SUPPLIED RECORDS START

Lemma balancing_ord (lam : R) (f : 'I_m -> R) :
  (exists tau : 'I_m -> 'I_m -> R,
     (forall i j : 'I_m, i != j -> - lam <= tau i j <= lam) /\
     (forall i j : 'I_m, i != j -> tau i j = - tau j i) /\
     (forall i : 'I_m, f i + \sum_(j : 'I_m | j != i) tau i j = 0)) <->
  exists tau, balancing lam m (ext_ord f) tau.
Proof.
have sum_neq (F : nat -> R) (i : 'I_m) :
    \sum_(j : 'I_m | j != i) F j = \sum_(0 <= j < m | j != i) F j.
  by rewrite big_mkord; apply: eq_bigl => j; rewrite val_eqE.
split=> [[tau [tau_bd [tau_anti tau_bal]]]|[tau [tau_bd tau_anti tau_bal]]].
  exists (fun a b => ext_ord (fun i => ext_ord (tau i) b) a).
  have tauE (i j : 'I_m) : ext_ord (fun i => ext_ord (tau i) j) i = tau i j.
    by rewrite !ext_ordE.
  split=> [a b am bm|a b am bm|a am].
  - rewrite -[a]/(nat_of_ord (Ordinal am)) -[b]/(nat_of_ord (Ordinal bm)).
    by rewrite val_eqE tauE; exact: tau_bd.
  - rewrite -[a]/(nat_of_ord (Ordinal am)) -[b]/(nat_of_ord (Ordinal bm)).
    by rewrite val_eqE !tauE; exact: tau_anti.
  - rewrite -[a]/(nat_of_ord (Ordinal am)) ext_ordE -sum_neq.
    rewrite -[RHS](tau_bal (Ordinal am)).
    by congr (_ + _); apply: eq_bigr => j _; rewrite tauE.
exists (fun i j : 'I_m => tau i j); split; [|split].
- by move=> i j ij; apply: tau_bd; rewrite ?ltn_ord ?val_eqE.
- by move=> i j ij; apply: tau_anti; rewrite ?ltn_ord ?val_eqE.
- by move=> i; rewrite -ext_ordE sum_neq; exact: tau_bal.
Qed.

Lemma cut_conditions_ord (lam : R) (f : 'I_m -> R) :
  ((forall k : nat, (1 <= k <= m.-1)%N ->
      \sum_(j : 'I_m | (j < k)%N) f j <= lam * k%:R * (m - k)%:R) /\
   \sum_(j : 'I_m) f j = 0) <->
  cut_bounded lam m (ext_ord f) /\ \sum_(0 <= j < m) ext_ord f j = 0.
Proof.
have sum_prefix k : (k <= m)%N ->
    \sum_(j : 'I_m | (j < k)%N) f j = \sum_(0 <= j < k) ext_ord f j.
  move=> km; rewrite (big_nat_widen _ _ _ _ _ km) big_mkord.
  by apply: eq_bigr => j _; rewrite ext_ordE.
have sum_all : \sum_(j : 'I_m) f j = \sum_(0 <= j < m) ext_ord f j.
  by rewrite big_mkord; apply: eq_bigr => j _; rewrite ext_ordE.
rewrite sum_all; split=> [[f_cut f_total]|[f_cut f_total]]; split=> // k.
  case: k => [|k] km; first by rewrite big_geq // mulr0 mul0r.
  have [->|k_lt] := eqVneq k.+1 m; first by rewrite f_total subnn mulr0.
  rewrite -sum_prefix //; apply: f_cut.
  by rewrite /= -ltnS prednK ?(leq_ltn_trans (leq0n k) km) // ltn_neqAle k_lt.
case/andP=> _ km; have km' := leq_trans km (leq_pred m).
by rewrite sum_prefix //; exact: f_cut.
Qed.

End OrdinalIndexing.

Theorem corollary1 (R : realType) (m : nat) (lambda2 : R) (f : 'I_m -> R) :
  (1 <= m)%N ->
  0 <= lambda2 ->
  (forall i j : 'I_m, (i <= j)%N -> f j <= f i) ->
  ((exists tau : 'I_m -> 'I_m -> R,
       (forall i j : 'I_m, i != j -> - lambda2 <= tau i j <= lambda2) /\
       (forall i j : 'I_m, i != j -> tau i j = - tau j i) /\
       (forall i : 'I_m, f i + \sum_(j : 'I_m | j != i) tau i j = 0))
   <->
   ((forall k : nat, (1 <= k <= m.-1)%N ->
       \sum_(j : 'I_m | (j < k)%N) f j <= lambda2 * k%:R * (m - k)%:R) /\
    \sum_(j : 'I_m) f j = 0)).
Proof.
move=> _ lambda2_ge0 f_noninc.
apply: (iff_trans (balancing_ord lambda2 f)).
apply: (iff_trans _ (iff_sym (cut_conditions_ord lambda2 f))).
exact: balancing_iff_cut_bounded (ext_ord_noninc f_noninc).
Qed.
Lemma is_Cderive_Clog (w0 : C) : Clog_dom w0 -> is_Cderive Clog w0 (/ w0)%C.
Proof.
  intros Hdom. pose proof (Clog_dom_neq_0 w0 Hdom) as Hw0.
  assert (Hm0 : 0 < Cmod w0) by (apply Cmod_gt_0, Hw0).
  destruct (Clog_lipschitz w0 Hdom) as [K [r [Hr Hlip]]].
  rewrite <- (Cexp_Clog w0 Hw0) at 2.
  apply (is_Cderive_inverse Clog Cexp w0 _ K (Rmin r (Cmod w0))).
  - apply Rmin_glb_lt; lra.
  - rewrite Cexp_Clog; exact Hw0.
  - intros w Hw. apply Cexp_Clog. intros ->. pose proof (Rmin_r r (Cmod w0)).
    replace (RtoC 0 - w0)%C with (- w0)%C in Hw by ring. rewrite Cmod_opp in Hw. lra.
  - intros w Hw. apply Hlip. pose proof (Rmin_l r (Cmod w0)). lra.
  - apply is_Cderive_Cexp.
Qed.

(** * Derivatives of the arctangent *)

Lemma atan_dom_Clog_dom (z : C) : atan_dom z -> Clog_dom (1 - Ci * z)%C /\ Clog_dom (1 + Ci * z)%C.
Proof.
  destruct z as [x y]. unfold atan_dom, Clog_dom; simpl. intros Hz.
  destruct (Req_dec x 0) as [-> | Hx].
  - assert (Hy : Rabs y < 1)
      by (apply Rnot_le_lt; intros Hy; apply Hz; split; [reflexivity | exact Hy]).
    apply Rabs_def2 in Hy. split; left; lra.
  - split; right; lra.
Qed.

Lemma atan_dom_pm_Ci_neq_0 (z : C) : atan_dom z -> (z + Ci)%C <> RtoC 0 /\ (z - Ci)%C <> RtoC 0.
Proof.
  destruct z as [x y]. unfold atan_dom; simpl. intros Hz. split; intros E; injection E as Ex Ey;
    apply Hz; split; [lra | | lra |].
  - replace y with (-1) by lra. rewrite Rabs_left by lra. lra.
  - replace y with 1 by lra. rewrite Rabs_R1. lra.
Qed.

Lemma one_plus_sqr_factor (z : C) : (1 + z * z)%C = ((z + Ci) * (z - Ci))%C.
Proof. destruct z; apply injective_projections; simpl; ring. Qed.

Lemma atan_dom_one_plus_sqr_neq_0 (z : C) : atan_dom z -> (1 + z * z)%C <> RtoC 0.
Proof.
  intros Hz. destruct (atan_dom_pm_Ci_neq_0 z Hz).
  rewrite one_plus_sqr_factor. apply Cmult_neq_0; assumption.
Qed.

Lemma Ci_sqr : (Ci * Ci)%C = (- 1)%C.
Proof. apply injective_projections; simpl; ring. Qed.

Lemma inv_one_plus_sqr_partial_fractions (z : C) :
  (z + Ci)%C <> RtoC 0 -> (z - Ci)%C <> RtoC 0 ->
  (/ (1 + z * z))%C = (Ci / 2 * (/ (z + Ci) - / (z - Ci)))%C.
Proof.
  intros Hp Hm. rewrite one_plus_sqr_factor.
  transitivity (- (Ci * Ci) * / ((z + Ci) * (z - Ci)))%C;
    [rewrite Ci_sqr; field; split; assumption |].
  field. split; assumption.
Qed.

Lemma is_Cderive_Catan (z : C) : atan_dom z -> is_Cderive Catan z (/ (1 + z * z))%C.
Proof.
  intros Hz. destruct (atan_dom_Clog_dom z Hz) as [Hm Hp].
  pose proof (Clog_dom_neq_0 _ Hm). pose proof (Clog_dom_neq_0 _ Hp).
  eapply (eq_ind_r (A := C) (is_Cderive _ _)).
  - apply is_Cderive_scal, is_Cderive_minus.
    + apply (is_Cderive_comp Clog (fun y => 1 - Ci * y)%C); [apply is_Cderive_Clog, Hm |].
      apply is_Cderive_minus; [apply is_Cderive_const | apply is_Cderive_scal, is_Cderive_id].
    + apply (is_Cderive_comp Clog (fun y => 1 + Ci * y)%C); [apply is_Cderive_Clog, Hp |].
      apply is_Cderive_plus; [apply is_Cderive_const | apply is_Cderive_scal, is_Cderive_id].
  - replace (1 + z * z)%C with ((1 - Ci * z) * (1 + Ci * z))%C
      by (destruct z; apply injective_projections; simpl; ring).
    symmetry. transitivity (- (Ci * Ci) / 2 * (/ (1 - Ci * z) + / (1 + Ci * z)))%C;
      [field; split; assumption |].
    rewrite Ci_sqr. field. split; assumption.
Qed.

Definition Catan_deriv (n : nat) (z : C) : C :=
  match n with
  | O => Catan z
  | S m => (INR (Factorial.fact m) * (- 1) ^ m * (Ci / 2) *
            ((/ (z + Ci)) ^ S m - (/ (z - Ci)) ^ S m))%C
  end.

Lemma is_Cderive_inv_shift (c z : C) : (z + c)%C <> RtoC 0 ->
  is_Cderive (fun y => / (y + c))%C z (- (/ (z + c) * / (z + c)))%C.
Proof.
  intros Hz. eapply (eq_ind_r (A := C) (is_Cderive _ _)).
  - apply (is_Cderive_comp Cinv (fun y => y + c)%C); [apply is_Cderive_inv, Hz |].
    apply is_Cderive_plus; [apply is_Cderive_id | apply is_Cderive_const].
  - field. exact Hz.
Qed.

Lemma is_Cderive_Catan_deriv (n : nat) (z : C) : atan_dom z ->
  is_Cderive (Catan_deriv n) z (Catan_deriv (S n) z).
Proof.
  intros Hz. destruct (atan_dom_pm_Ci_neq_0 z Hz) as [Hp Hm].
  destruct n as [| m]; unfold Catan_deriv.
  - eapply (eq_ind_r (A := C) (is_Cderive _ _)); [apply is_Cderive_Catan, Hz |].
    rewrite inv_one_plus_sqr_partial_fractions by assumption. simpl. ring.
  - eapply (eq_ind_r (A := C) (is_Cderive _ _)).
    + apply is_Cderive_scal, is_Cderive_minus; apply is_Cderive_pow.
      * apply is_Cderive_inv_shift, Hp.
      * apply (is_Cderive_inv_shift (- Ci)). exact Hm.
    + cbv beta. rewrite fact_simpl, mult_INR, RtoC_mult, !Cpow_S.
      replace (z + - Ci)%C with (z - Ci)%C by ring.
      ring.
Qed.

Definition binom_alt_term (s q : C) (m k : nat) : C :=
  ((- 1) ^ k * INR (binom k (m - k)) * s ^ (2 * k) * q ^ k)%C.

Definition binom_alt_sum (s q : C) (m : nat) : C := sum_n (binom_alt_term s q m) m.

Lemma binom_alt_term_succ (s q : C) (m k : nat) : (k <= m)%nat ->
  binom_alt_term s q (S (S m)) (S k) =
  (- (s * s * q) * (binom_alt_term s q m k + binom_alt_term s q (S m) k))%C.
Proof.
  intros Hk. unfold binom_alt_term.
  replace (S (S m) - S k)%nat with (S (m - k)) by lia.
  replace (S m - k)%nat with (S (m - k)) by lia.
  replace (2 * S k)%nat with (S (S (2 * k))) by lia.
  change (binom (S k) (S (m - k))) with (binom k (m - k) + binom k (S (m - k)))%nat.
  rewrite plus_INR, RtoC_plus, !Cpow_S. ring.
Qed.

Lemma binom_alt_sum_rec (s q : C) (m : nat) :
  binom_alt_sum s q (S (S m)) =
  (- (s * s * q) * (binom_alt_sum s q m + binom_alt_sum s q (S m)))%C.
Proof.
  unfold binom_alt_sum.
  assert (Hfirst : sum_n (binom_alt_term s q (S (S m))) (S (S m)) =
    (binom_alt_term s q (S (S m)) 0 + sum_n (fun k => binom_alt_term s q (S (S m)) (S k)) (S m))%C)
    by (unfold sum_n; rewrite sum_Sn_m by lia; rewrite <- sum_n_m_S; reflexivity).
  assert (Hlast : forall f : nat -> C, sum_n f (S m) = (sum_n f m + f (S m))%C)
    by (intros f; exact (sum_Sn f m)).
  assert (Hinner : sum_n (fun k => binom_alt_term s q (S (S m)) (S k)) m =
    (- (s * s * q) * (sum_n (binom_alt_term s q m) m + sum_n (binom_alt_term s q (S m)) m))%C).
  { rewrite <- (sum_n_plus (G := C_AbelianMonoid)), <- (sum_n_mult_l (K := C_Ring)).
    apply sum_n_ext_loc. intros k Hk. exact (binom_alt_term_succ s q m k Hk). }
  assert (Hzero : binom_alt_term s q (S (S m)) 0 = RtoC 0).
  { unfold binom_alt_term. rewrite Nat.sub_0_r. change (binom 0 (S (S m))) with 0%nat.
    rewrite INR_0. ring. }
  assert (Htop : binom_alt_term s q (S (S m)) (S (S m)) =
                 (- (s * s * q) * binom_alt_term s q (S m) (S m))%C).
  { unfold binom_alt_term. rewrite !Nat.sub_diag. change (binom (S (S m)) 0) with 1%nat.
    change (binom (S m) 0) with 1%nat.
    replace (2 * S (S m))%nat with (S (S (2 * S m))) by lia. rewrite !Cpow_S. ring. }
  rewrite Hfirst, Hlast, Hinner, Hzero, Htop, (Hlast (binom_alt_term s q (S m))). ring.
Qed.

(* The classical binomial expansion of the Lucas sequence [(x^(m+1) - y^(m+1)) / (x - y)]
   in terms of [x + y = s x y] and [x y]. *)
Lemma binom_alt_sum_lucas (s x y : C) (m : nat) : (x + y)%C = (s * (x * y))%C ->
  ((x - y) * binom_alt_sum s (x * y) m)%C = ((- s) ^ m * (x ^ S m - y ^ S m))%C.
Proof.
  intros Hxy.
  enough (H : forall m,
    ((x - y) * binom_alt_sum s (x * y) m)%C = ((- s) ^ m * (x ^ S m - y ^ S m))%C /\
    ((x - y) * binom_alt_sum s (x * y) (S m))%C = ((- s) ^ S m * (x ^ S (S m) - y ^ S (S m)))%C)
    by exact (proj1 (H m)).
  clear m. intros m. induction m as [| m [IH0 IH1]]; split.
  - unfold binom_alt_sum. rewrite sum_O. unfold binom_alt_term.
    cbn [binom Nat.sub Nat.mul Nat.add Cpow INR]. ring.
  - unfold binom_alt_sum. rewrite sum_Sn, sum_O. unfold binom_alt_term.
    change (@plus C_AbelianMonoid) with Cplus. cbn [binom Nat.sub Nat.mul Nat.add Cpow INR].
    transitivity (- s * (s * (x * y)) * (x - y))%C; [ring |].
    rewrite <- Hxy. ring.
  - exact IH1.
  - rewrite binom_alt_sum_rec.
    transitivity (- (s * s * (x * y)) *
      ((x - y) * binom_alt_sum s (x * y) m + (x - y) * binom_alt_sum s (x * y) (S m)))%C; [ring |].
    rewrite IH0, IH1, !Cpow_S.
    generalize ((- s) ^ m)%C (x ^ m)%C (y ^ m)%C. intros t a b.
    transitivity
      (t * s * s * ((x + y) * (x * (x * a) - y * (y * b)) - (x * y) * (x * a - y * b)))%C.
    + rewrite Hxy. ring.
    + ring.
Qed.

SUPPLIED RECORDS END
SUPPLIED RECORDS START

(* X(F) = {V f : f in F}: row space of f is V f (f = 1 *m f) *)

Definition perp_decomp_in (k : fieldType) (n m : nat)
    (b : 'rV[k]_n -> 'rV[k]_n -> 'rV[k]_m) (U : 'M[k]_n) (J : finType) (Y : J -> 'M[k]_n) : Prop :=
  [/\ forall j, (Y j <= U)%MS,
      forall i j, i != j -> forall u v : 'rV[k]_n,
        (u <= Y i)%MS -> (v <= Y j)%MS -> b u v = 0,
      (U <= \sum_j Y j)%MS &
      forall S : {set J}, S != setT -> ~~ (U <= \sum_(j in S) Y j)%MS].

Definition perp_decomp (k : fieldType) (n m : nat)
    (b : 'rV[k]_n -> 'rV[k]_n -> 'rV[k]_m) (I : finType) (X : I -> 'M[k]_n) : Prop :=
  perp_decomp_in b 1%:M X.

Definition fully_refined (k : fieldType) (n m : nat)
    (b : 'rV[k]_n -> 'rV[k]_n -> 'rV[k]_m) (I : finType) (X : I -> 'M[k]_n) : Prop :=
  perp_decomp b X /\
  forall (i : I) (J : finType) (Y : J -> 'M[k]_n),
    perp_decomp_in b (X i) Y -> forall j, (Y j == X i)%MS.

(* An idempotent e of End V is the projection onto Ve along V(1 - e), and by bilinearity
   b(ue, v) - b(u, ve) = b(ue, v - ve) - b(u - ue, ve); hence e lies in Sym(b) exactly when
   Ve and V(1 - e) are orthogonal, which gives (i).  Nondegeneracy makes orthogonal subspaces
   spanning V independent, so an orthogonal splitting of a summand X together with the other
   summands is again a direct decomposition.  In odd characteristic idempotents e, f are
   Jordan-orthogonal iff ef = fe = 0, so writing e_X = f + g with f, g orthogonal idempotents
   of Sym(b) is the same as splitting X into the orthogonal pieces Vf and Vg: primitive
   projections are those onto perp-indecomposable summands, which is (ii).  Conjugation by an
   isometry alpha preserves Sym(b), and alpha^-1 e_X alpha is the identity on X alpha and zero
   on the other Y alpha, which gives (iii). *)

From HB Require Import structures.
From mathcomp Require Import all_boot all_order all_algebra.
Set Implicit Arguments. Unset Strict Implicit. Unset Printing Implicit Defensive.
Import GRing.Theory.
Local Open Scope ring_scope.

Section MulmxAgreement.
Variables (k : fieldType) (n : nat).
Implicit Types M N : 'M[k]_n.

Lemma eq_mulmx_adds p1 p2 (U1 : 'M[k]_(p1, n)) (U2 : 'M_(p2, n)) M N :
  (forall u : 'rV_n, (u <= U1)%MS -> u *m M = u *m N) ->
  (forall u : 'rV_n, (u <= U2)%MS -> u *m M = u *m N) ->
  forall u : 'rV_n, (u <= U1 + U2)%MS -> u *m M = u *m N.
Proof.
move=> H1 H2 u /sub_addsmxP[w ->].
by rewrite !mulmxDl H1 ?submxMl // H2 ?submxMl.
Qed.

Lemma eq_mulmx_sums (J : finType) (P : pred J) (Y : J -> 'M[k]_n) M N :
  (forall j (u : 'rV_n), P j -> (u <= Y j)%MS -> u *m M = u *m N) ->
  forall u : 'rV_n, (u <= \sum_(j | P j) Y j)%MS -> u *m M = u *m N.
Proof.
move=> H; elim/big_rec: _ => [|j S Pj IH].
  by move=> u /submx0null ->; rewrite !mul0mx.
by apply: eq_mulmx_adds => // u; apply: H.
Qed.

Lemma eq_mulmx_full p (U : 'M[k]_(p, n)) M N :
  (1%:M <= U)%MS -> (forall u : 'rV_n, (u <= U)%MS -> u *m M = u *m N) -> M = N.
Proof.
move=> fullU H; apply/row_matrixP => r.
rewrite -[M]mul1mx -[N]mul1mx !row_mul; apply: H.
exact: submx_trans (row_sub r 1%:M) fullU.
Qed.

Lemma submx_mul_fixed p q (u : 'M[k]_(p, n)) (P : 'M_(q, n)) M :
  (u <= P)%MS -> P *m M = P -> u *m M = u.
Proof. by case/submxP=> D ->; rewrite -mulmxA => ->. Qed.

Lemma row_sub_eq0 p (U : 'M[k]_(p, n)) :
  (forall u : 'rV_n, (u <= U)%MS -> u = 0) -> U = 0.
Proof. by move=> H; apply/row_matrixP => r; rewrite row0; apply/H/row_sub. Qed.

SUPPLIED RECORDS END

• PROBLEM TO SOLVE:
In the entries above, restate word for word the lines between the one holding "tau i j = 0)) <->" and the one holding "Lemma cut_conditions_ord (lam", inclusive, and nothing besides.

• RESPONSE TO THE EXERCISE:
     (forall i : 'I_m, f i + \sum_(j : 'I_m | j != i) tau i j = 0)) <->
  exists tau, balancing lam m (ext_ord f) tau.
Proof.
have sum_neq (F : nat -> R) (i : 'I_m) :
    \sum_(j : 'I_m | j != i) F j = \sum_(0 <= j < m | j != i) F j.
  by rewrite big_mkord; apply: eq_bigl => j; rewrite val_eqE.
split=> [[tau [tau_bd [tau_anti tau_bal]]]|[tau [tau_bd tau_anti tau_bal]]].
  exists (fun a b => ext_ord (fun i => ext_ord (tau i) b) a).
  have tauE (i j : 'I_m) : ext_ord (fun i => ext_ord (tau i) j) i = tau i j.
    by rewrite !ext_ordE.
  split=> [a b am bm|a b am bm|a am].
  - rewrite -[a]/(nat_of_ord (Ordinal am)) -[b]/(nat_of_ord (Ordinal bm)).
    by rewrite val_eqE tauE; exact: tau_bd.
  - rewrite -[a]/(nat_of_ord (Ordinal am)) -[b]/(nat_of_ord (Ordinal bm)).
    by rewrite val_eqE !tauE; exact: tau_anti.
  - rewrite -[a]/(nat_of_ord (Ordinal am)) ext_ordE -sum_neq.
    rewrite -[RHS](tau_bal (Ordinal am)).
    by congr (_ + _); apply: eq_bigr => j _; rewrite tauE.
exists (fun i j : 'I_m => tau i j); split; [|split].
- by move=> i j ij; apply: tau_bd; rewrite ?ltn_ord ?val_eqE.
- by move=> i j ij; apply: tau_anti; rewrite ?ltn_ord ?val_eqE.
- by move=> i; rewrite -ext_ordE sum_neq; exact: tau_bal.
Qed.

Lemma cut_conditions_ord (lam : R) (f : 'I_m -> R) :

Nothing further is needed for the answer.